*What to do:* In the listing that follows, the lines starting at the one containing "(forall h h' a, act" and ending at the one containing "Variable k : fieldType." are to be returned exactly, both boundary lines included, and no others.

*Data section:*
★ ★ ★ ★
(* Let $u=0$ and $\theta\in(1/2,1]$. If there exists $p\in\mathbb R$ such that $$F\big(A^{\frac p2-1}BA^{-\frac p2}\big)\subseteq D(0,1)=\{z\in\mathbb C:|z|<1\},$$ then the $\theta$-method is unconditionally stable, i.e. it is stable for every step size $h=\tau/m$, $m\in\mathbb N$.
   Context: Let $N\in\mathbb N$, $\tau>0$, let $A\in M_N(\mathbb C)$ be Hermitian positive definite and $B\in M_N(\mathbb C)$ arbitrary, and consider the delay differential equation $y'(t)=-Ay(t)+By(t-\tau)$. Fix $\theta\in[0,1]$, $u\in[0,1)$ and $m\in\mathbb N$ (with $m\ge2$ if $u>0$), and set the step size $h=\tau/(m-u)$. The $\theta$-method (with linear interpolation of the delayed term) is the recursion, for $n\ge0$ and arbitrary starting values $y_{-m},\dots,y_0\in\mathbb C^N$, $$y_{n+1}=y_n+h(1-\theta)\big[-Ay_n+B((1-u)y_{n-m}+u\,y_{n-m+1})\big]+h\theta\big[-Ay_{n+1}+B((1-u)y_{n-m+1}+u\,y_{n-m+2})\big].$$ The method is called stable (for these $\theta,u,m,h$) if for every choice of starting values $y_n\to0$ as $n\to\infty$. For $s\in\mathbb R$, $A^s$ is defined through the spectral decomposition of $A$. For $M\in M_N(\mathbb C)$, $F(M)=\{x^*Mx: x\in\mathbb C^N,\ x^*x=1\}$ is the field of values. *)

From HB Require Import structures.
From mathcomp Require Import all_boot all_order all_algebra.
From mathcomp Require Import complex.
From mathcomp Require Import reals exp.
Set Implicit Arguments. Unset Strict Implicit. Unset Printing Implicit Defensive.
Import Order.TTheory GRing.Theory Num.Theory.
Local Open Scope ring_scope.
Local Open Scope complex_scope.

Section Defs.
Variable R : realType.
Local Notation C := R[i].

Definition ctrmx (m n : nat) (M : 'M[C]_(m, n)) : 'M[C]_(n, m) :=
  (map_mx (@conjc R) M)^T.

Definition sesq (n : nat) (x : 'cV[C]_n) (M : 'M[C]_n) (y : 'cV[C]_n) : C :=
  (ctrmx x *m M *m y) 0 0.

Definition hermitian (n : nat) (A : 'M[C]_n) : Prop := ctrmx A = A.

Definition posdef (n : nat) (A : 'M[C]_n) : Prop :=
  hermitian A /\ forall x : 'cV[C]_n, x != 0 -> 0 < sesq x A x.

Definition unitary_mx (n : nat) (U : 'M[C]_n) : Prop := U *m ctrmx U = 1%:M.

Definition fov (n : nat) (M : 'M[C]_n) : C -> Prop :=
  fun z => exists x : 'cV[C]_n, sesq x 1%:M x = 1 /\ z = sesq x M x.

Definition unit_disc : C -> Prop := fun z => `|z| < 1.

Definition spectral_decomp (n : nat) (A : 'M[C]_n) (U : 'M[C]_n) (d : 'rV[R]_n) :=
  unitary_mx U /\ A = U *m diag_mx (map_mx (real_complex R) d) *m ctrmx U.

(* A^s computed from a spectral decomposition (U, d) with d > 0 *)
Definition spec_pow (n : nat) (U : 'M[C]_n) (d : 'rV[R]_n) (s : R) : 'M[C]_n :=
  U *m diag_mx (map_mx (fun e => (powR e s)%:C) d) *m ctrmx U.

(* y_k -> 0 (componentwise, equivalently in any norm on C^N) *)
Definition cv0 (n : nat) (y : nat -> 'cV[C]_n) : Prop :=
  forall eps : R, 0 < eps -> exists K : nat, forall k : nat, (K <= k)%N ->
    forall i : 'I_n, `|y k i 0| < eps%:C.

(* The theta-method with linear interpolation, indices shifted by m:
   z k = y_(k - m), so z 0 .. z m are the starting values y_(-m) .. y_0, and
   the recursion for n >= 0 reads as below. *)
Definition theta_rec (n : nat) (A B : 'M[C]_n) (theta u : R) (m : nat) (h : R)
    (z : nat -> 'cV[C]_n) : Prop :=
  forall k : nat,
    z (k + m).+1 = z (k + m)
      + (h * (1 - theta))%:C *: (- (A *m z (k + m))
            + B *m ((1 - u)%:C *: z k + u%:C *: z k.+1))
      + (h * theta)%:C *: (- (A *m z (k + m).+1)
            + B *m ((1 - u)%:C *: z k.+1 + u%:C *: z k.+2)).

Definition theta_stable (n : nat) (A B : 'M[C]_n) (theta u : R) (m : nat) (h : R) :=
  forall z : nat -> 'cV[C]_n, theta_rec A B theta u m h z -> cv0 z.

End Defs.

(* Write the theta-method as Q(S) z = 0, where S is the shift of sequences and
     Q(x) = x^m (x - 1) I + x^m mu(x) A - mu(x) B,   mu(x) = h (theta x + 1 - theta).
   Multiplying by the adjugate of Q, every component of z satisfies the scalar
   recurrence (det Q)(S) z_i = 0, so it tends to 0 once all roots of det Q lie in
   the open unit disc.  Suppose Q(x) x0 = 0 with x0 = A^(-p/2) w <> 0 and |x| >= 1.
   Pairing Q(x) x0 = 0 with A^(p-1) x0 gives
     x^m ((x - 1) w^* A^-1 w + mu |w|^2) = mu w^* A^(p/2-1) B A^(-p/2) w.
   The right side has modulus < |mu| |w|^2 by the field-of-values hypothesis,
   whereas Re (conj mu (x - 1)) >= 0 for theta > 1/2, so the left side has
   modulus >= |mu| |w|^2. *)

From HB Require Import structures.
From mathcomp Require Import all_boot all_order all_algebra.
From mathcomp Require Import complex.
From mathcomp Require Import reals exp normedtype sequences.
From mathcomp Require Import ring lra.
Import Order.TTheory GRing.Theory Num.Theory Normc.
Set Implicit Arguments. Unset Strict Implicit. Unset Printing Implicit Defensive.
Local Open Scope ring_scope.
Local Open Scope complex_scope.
★ ★ ★ ★
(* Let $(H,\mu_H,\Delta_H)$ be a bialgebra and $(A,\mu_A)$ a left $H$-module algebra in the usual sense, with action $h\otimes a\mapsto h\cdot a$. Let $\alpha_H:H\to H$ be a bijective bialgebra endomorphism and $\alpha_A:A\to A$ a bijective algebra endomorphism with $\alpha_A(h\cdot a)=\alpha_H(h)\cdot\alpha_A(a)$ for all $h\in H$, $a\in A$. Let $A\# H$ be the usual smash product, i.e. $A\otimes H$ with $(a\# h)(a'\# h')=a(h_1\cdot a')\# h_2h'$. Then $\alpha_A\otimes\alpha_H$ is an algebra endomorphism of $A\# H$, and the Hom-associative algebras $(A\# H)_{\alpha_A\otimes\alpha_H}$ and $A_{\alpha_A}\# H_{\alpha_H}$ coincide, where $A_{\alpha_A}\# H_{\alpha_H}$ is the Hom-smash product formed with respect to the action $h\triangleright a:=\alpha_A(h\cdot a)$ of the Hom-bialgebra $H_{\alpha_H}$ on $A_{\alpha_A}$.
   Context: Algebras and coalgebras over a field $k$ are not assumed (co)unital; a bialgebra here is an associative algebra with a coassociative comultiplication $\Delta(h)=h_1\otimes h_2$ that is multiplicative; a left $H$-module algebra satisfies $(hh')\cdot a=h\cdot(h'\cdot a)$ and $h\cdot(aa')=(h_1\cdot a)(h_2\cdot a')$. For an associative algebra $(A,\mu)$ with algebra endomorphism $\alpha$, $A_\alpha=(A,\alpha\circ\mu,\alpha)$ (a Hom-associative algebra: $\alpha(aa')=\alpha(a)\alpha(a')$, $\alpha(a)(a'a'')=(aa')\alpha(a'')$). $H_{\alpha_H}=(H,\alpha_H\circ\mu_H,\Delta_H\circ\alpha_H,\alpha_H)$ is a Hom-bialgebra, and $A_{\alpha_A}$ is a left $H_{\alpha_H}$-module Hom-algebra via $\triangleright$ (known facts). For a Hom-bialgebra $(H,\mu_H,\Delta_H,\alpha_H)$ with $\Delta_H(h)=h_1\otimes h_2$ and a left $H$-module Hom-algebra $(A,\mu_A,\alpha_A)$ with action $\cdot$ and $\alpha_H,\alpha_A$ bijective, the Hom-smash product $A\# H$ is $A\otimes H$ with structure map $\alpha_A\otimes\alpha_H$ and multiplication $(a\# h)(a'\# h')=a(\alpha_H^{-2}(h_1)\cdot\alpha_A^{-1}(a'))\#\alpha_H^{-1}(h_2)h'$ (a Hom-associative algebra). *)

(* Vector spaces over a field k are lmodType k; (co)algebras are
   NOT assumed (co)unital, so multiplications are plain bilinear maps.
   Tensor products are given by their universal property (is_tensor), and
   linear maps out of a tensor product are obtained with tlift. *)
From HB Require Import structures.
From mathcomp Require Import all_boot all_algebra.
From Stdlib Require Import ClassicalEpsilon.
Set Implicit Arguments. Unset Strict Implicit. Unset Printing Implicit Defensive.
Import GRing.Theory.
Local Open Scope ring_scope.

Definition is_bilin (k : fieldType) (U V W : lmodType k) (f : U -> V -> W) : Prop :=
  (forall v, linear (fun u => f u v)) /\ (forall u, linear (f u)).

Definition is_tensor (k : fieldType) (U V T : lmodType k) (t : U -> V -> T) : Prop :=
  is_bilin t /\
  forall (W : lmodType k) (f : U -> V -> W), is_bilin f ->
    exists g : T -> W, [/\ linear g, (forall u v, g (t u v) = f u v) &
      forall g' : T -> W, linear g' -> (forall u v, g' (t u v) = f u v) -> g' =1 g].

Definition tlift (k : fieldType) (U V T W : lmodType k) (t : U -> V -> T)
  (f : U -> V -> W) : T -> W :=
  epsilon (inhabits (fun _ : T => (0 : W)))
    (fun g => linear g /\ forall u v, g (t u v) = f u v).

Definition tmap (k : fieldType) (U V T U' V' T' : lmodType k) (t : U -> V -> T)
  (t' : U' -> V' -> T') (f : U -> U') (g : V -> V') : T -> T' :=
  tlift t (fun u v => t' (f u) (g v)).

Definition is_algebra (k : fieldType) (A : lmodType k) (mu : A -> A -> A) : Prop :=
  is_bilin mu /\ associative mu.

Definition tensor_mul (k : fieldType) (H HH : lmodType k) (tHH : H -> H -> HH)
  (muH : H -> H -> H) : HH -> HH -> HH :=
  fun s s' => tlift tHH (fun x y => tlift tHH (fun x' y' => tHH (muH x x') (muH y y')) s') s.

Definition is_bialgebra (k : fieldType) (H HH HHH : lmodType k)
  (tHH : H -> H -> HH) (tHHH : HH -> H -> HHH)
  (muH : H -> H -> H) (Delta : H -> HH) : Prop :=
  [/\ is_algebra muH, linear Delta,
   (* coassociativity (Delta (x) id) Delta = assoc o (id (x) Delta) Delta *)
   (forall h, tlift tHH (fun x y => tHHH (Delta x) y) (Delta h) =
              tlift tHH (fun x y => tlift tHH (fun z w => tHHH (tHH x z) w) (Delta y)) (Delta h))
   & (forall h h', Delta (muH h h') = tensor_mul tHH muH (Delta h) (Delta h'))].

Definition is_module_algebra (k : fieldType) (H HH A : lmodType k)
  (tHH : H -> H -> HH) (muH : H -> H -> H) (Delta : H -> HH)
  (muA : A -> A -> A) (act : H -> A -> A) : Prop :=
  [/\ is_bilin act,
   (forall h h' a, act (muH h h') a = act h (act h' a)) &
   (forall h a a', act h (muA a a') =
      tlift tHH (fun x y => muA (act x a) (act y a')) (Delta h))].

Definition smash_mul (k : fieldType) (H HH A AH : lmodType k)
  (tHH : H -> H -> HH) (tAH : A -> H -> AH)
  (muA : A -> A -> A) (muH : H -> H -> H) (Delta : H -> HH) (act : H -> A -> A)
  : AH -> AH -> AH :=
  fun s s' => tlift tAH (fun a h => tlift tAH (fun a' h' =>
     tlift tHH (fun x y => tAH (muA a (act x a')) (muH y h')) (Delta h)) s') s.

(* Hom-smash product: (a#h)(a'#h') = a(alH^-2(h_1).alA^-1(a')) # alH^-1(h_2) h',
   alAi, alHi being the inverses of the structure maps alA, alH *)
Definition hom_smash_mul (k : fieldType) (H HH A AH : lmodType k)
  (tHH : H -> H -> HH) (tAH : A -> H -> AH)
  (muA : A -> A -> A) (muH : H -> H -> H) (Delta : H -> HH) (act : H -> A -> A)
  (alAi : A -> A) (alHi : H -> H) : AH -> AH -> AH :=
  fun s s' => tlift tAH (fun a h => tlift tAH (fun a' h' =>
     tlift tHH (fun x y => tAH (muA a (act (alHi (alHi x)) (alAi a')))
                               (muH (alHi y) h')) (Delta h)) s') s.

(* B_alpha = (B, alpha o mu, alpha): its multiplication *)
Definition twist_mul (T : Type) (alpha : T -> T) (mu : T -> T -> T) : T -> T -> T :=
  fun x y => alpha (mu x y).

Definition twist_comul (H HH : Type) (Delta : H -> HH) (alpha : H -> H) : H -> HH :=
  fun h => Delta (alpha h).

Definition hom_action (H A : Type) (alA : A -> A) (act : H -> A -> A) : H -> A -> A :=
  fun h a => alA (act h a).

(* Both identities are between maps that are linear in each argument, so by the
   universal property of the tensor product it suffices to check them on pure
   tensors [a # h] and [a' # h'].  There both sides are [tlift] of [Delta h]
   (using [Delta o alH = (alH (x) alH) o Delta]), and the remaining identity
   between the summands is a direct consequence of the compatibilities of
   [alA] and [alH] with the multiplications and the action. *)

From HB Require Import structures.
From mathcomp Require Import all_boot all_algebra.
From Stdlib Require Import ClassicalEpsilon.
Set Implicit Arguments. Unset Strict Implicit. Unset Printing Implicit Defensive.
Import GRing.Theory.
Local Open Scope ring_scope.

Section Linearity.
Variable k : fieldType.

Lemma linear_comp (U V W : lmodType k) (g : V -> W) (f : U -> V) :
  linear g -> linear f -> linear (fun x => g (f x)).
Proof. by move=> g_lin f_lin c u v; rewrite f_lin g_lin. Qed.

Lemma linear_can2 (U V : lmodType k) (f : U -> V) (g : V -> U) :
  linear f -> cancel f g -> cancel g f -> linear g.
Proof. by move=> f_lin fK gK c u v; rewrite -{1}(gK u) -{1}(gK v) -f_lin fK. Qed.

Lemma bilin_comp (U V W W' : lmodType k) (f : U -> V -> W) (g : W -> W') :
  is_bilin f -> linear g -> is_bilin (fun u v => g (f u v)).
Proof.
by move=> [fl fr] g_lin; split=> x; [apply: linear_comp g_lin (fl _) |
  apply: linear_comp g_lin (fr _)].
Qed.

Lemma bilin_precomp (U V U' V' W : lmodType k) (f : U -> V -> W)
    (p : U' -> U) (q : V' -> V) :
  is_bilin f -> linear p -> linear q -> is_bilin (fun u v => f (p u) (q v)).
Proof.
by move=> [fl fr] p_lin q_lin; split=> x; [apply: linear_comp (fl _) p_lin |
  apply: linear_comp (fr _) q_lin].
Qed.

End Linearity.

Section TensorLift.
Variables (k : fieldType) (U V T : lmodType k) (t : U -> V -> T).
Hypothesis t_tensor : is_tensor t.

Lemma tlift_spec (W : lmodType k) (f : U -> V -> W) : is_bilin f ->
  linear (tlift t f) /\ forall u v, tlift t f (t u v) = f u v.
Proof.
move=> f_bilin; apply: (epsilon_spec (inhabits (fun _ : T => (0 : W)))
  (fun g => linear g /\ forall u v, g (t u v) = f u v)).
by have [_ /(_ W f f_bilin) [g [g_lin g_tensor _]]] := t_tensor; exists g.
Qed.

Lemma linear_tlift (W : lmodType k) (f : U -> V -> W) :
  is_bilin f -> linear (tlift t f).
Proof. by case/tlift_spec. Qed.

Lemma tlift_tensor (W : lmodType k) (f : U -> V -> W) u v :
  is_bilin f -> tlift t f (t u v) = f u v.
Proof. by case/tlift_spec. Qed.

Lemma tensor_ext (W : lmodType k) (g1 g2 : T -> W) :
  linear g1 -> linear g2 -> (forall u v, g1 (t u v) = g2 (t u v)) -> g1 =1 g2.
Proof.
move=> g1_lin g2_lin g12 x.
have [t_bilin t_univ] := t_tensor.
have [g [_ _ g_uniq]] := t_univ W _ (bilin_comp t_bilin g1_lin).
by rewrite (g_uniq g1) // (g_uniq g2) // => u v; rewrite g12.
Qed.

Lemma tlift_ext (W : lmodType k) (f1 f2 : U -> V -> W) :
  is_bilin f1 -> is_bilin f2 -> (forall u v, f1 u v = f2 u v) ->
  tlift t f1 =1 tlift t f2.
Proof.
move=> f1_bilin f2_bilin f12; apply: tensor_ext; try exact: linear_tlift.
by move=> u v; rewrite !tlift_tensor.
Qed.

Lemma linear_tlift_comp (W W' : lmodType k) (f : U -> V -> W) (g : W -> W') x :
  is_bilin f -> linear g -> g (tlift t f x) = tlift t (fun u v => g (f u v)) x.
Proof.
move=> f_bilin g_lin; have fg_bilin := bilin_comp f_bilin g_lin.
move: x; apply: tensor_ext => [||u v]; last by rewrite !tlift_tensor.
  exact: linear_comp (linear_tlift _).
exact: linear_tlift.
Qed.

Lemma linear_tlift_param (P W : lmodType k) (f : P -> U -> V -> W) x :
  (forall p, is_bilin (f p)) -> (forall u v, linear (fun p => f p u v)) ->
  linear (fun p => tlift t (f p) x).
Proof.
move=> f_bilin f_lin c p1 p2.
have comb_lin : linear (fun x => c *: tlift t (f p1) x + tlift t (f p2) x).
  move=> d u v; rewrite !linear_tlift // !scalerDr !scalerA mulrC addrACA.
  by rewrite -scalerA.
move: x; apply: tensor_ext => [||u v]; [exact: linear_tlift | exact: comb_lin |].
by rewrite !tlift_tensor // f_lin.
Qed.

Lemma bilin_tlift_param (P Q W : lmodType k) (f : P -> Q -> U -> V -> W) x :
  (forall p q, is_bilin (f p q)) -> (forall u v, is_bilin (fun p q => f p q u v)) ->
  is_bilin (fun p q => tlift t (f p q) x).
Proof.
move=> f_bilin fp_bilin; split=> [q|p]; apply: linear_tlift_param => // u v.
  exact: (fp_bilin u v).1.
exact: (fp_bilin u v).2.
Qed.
★ ★ ★ ★
*Result below:*
   (forall h h' a, act (muH h h') a = act h (act h' a)) &
   (forall h a a', act h (muA a a') =
      tlift tHH (fun x y => muA (act x a) (act y a')) (Delta h))].

Definition smash_mul (k : fieldType) (H HH A AH : lmodType k)
  (tHH : H -> H -> HH) (tAH : A -> H -> AH)
  (muA : A -> A -> A) (muH : H -> H -> H) (Delta : H -> HH) (act : H -> A -> A)
  : AH -> AH -> AH :=
  fun s s' => tlift tAH (fun a h => tlift tAH (fun a' h' =>
     tlift tHH (fun x y => tAH (muA a (act x a')) (muH y h')) (Delta h)) s') s.

(* Hom-smash product: (a#h)(a'#h') = a(alH^-2(h_1).alA^-1(a')) # alH^-1(h_2) h',
   alAi, alHi being the inverses of the structure maps alA, alH *)
Definition hom_smash_mul (k : fieldType) (H HH A AH : lmodType k)
  (tHH : H -> H -> HH) (tAH : A -> H -> AH)
  (muA : A -> A -> A) (muH : H -> H -> H) (Delta : H -> HH) (act : H -> A -> A)
  (alAi : A -> A) (alHi : H -> H) : AH -> AH -> AH :=
  fun s s' => tlift tAH (fun a h => tlift tAH (fun a' h' =>
     tlift tHH (fun x y => tAH (muA a (act (alHi (alHi x)) (alAi a')))
                               (muH (alHi y) h')) (Delta h)) s') s.

(* B_alpha = (B, alpha o mu, alpha): its multiplication *)
Definition twist_mul (T : Type) (alpha : T -> T) (mu : T -> T -> T) : T -> T -> T :=
  fun x y => alpha (mu x y).

Definition twist_comul (H HH : Type) (Delta : H -> HH) (alpha : H -> H) : H -> HH :=
  fun h => Delta (alpha h).

Definition hom_action (H A : Type) (alA : A -> A) (act : H -> A -> A) : H -> A -> A :=
  fun h a => alA (act h a).

(* Both identities are between maps that are linear in each argument, so by the
   universal property of the tensor product it suffices to check them on pure
   tensors [a # h] and [a' # h'].  There both sides are [tlift] of [Delta h]
   (using [Delta o alH = (alH (x) alH) o Delta]), and the remaining identity
   between the summands is a direct consequence of the compatibilities of
   [alA] and [alH] with the multiplications and the action. *)

From HB Require Import structures.
From mathcomp Require Import all_boot all_algebra.
From Stdlib Require Import ClassicalEpsilon.
Set Implicit Arguments. Unset Strict Implicit. Unset Printing Implicit Defensive.
Import GRing.Theory.
Local Open Scope ring_scope.

Section Linearity.
Variable k : fieldType.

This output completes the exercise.